▶ [WHAT YOU NEED TO DO]
Write out, from the entries below, exactly the lines that run between the lines holding "have [a b] : (forall" and "End NonMonotonicSupport.", inclusive, and stop there.
═══ AVAILABLE RECORDS ═══
Lemma unique_extremum_separable_support (tau : 'I_d -> R -> R) (n : 'I_d -> R)
    (F : R -> R) (phi : 'rV[R]_d -> R) (c : R) :
  (forall l, exists u v, tau l u != tau l v) ->
  continuous F -> unique_extremum F ->
  (forall z w, continuous (fun s : R => phi (z + s *: w))) ->
  (forall t, exists z, phi z = t) ->
  (forall z, F (phi z) = \sum_l tau l (z 0 l) * n l + c) ->
  forall l1 l2, n l1 != 0 -> n l2 != 0 -> l1 = l2.
Proof.
move=> tau_ncst cF uF phi_cont phi_surj Fphi l1 l2 n1 n2.
apply/eqP; apply: contraT => l12.
have [t [e [e0 Fstrict]]] := unique_extremum_strict cF uF.
have [z0 z0t] := phi_surj t.
pose term l u := (tau l u - tau l (z0 0 l)) * n l.
have Fgap w : F (phi w) - F t = \sum_l term l (w 0 l).
  rewrite -z0t !Fphi opprD addrACA subrr addr0 -sumrB.
  by apply: eq_bigr => l _; rewrite /term mulrBl.
have Fge s : 0 <= e * (F s - F t).
  by have [->|st] := eqVneq s t; [rewrite subrr mulr0 | exact/ltW/Fstrict].
(* moving the single coordinate l of z0 shows that every term has the sign of e *)
have term_sign l u : 0 <= e * term l u.
  have := Fge (phi (row_set z0 l u)); rewrite Fgap (bigD1 l) //= row_set_eq big1 ?addr0 //.
  by move=> l' /row_set_neq ->; rewrite /term subrr mul0r.
have level w : phi w != t <-> exists l, term l (w 0 l) != 0.
  apply: iff_trans (sumr_sign_neq0 e0 (fun l => term_sign l (w 0 l))).
  rewrite -Fgap subr_eq0.
  split; last by apply: contraNneq => ->.
  by move/Fstrict; apply: contraTneq => ->; rewrite subrr mulr0 ltxx.
have term_neq0 l : n l != 0 -> exists u, term l u != 0.
  move=> nl; have [u [v uv]] := tau_ncst l.
  have [uz|uz] := eqVneq (tau l u) (tau l (z0 0 l)).
    by exists v; rewrite /term mulf_neq0 // subr_eq0 -uz eq_sym.
  by exists u; rewrite /term mulf_neq0 // subr_eq0.
have [u1 term1] := term_neq0 l1 n1; have [u2 term2] := term_neq0 l2 n2.
have side := level_side_const (off := fun l u => term l u != 0) phi_cont level l12 term1 term2.
have [zp zpt] := phi_surj (t + 1); have [zm zmt] := phi_surj (t - 1).
have tm : t - 1 < t by rewrite ltrBlDr ltrDl ltr01.
have tp : t < t + 1 by rewrite ltrDl ltr01.
have := side zm zp; rewrite zmt zpt tm ltNge (ltW tp) (lt_eqF tm) (gt_eqF tp).
by move/(_ isT isT).
Qed.

Lemma unique_extremum_block_support k p (T : forall l, R -> 'rV[R]_(k l))
    (C : forall l, 'M[R]_(k l, p)) (Hi : R -> 'rV[R]_p) (phi : 'rV[R]_d -> R)
    (c : 'rV[R]_p) :
  (forall l, k l = 1%N) -> p = 1%N ->
  (forall l (j : 'I_(k l)), ~ monotonic (fun u => T l u 0 j)) ->
  (forall u, derivable Hi u 1) ->
  (forall j : 'I_p, unique_extremum (fun t => Hi t 0 j)) ->
  (forall z, differentiable phi z) -> (forall t, exists z, phi z = t) ->
  (forall z, Hi (phi z) = \sum_l T l (z 0 l) *m C l + c) ->
  forall l1 l2, C l1 != 0 -> C l2 != 0 -> l1 = l2.
Proof.
move=> k1 p1 Tnmon dHi uHi dphi phi_surj HiT l1 l2 C1 C2.
have [a b] : (forall l, 'I_(k l)) * 'I_p by split=> [l|]; rewrite ?k1 ?p1; exact: ord0.
apply: (@unique_extremum_separable_support (fun l u => T l u 0 (a l))
    (fun l => C l (a l) b) (fun t => Hi t 0 b) phi (c 0 b)).
- move=> l; apply: contrapT => /forallNP tau_cst; apply: (Tnmon l (a l)); left => u v _.
  have /forallNP/(_ v)/negP/negbNE/eqP -> := tau_cst u; exact: lexx.
- move=> t; apply/differentiable_continuous/derivable1_diffP.
  by move/derivable_mxP: (dHi t); apply.
- exact: uHi.
- by move=> z w s; apply/differentiable_continuous/differentiable_comp.
- exact: phi_surj.
- move=> z; rewrite HiT !mxE summxE; congr (_ + _); apply: eq_bigr => l _.
  exact: mulmx_rV_dim1.
- exact: mx_dim1_neq0.
- exact: mx_dim1_neq0.
Qed.

End NonMonotonicSupport.

(** * Derivatives and the strong exponential condition *)

Section Derivatives.
Variable R : realType.

Lemma is_derive_mx_entry m n (g : R -> 'M[R]_(m, n)) u i j : derivable g u 1 ->
  is_derive u 1 (fun s => g s i j) ('D_1 g u i j).
Proof.
move=> dg; have /derivable_mxP/(_ i j)/derivableP := dg.
by rewrite (derive_mx dg) mxE.
Qed.

Lemma is_derive_mulmx_entry n q (g : R -> 'rV[R]_n) (Q : 'M[R]_(n, q)) u j :
  derivable g u 1 -> is_derive u 1 (fun s => (g s *m Q) 0 j) (('D_1 g u *m Q) 0 j).
Proof.
move=> dg; have -> : (fun s => (g s *m Q) 0 j) = \sum_a (fun s => Q a j *: g s 0 a).
  by apply/funext => s; rewrite fct_sumE mxE; apply: eq_bigr => a _; exact: mulrC.
rewrite mxE; apply: is_derive_sum => a; rewrite mulrC.
by apply: is_deriveZ; exact: is_derive_mx_entry.
Qed.

Lemma derive_mulmx_eq0_cst n (g : R -> 'rV[R]_n) (Q : 'cV[R]_n) :
  (forall u, derivable g u 1) -> (forall u, 'D_1 g u *m Q = 0) ->
  forall u v, g u *m Q = g v *m Q.
Proof.
move=> dg D0 u v; apply/matrixP => i j; rewrite !ord1.
apply: (@is_derive_0_is_cst _ (fun s => (g s *m Q) 0 0)) => x.
by have := is_derive_mulmx_entry Q 0 (dg x); rewrite D0 mxE.
Qed.

Lemma strong_exponential_cst k (T : R -> 'rV[R]_k) (Q : 'cV[R]_k) :
  strong_exponential T -> (forall u v, T u *m Q = T v *m Q) -> Q = 0.
Proof.
move=> seT TQ; have [|itv0|] := seT `[0, 1]%classic Q^T (measurable_itv _).
- by exists ((T 0 *m Q) 0 0) => u _; rewrite trmxK (TQ u 0).
- move: itv0; rewrite lebesgue_measure_itv /= lte_fin ltr01 => /eqP.
  by rewrite oppr0 -EFinD addr0 eqe oner_eq0.
- by move=> Q0; rewrite -[Q]trmxK Q0 trmx0.
Qed.

Lemma strong_exponential_derive k (T : R -> 'rV[R]_k) (Q : 'cV[R]_k) :
  strong_exponential T -> (forall u, derivable T u 1) ->
  (forall u, 'D_1 T u *m Q = 0) -> Q = 0.
Proof. by move=> seT dT D0; apply: strong_exponential_cst seT (derive_mulmx_eq0_cst dT D0). Qed.

Lemma strong_exponential_derive_neq0 k p (T : R -> 'rV[R]_k) (C : 'M[R]_(k, p)) :
  strong_exponential T -> (forall u, derivable T u 1) -> C != 0 ->
  exists u, 'D_1 T u *m C != 0.
Proof.
move=> seT dT /negP C0; apply: contrapT => /forallNP D0; apply: C0; apply/eqP/matrixP => i j.
suff /matrixP/(_ i 0) : col j C = 0 by rewrite !mxE.
apply: strong_exponential_derive seT dT _ => u.
have /negP/negbNE/eqP Du0 := D0 u.
by rewrite colE mulmxA Du0 mul0mx.
Qed.

End Derivatives.

Lemma cV_orthogonal_exists (F : fieldType) p (w : 'rV[F]_p) : (1 < p)%N ->
  exists2 eta : 'cV[F]_p, eta != 0 & w *m eta = 0.
Proof.
move=> p2; have : kermx w^T != 0.
  by rewrite kermx_eq0 /row_free mxrank_tr neq_ltn (leq_ltn_trans (rank_leq_row w)).
case/rowV0Pn => v /sub_kermxP vw v0; exists v^T; first by rewrite trmx_eq0.
by rewrite -[w]trmxK -trmx_mul vw trmx0.
Qed.

Lemma rV_submx_sym (F : fieldType) n (u v : 'rV[F]_n) :
  (u <= v)%MS -> u != 0 -> (v <= u)%MS.
Proof.
move=> uv u0; have := mxrankS uv; rewrite -(mxrank_leqif_sup uv) !rank_rV u0.
by case: (v != 0).
Qed.

Section CoordinateDerivatives.
Variables (R : realType) (d : nat).

Lemma differentiable_row_set (z : 'rV[R]_d) l u : differentiable (row_set z l) u.
Proof.
rewrite /row_set; apply: differentiableD; first exact: differentiable_cst.
apply: differentiableZl; apply: differentiableD => //; exact: differentiable_cst.
Qed.

Lemma derive_row_set_submx p n (Hi : R -> 'rV[R]_p) (phi : 'rV[R]_d -> R)
    (g : R -> 'rV[R]_n) (Q : 'M[R]_(n, p)) (K : 'rV[R]_p) (z : 'rV[R]_d) l :
  (forall u, derivable Hi u 1) -> (forall z, differentiable phi z) ->
  derivable g (z 0 l) 1 -> (forall s, Hi (phi (row_set z l s)) = g s *m Q + K) ->
  ('D_1 g (z 0 l) *m Q <= 'D_1 Hi (phi z))%MS.
Proof.
move=> dHi dphi dg HiQ; pose psi s := phi (row_set z l s).
have dpsi : derivable psi (z 0 l) 1.
  apply/derivable1_diffP; apply: differentiable_comp => //; exact: differentiable_row_set.
apply/sub_rVP; exists ('D_1 psi (z 0 l)); apply/matrixP => i j; rewrite !ord1 [RHS]mxE.
pose f s := Hi (psi s) 0 j.
have f1 : is_derive (z 0 l) 1 f (('D_1 g (z 0 l) *m Q) 0 j + 0).
  have -> : f = (fun s => (g s *m Q) 0 j) + cst (K 0 j).
    by apply/funext => s; rewrite /f /psi HiQ [LHS]mxE.
  by apply: is_deriveD; exact: is_derive_mulmx_entry.
have f2 : is_derive (z 0 l) 1 f ('D_1 Hi (psi (z 0 l)) 0 j * 'D_1 psi (z 0 l)).
  rewrite (_ : f = (fun t => Hi t 0 j) \o psi) //.
  by apply: is_derive1_comp; [exact: is_derive_mx_entry | exact: derivableP].
have := @derive_val _ _ _ _ _ _ _ f1; rewrite (@derive_val _ _ _ _ _ _ _ f2) addr0 => <-.
by rewrite /psi row_set_id mulrC.
Qed.

Lemma strong_exponential_block_support k p (T : forall l, R -> 'rV[R]_(k l))
    (C : forall l, 'M[R]_(k l, p)) (Hi : R -> 'rV[R]_p) (phi : 'rV[R]_d -> R)
    (c : 'rV[R]_p) :
  (1 < p)%N -> (forall l u, derivable (T l) u 1) ->
  (forall l, strong_exponential (T l)) ->
  (forall u, derivable Hi u 1) -> (forall z, differentiable phi z) ->
  (forall eta : 'cV[R]_p, (forall l, C l *m eta = 0) -> eta = 0) ->
  (forall z, Hi (phi z) = \sum_l T l (z 0 l) *m C l + c) ->
  forall l1 l2, C l1 != 0 -> C l2 != 0 -> l1 = l2.
Proof.
move=> p2 dT seT dHi dphi Cinj HiT l1 l2 C1 C2; apply/eqP; apply: contraT => l12.
pose v l u := 'D_1 (T l) u *m C l.
have chain (z : 'rV[R]_d) l : (v l (z 0 l) <= 'D_1 Hi (phi z))%MS.
  apply: (derive_row_set_submx (K := \sum_(l' | l' != l) T l' (z 0 l') *m C l' + c)) => // s.
  rewrite HiT (bigD1 l) //= row_set_eq addrA; congr (_ + _ + _).
  by apply: eq_bigr => l' l'l; rewrite row_set_neq.
have par (z : 'rV[R]_d) l l' : v l' (z 0 l') != 0 -> (v l (z 0 l) <= v l' (z 0 l'))%MS.
  by move=> v0; apply: submx_trans (chain z l) (rV_submx_sym (chain z l') v0).
have [u1 v1] := strong_exponential_derive_neq0 (seT l1) (dT l1) C1.
have [u2 v2] := strong_exponential_derive_neq0 (seT l2) (dT l2) C2.
have line l u : (v l u <= v l1 u1)%MS.
  have [->|ll1] := eqVneq l l1.
    have [z [z1 z2]] := row_exists2 u u2 l12; have [z' [z'1 z'2]] := row_exists2 u1 u2 l12.
    rewrite -z1; apply: submx_trans (par z l1 l2 _) _; first by rewrite z2.
    rewrite z2 -z'2 -z'1; apply: par; by rewrite z'1.
  have [z [z1 z2]] := row_exists2 u u1 ll1.
  by rewrite -z1 -z2; apply: par; rewrite z2.
have [eta eta0 v1eta] := cV_orthogonal_exists (v l1 u1) p2.
have Ceta l : C l *m eta = 0.
  apply: strong_exponential_derive (seT l) (dT l) _ => u.
  rewrite mulmxA -/(v l u); have /sub_rVP[a ->] := line l u.
  by rewrite -scalemxAl v1eta scaler0.
by move: eta0; rewrite (Cinj eta Ceta) eqxx.
Qed.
═══
▶ [RESULT BELOW]
have [a b] : (forall l, 'I_(k l)) * 'I_p by split=> [l|]; rewrite ?k1 ?p1; exact: ord0.
apply: (@unique_extremum_separable_support (fun l u => T l u 0 (a l))
    (fun l => C l (a l) b) (fun t => Hi t 0 b) phi (c 0 b)).
- move=> l; apply: contrapT => /forallNP tau_cst; apply: (Tnmon l (a l)); left => u v _.
  have /forallNP/(_ v)/negP/negbNE/eqP -> := tau_cst u; exact: lexx.
- move=> t; apply/differentiable_continuous/derivable1_diffP.
  by move/derivable_mxP: (dHi t); apply.
- exact: uHi.
- by move=> z w s; apply/differentiable_continuous/differentiable_comp.
- exact: phi_surj.
- move=> z; rewrite HiT !mxE summxE; congr (_ + _); apply: eq_bigr => l _.
  exact: mulmx_rV_dim1.
- exact: mx_dim1_neq0.
- exact: mx_dim1_neq0.
Qed.

End NonMonotonicSupport.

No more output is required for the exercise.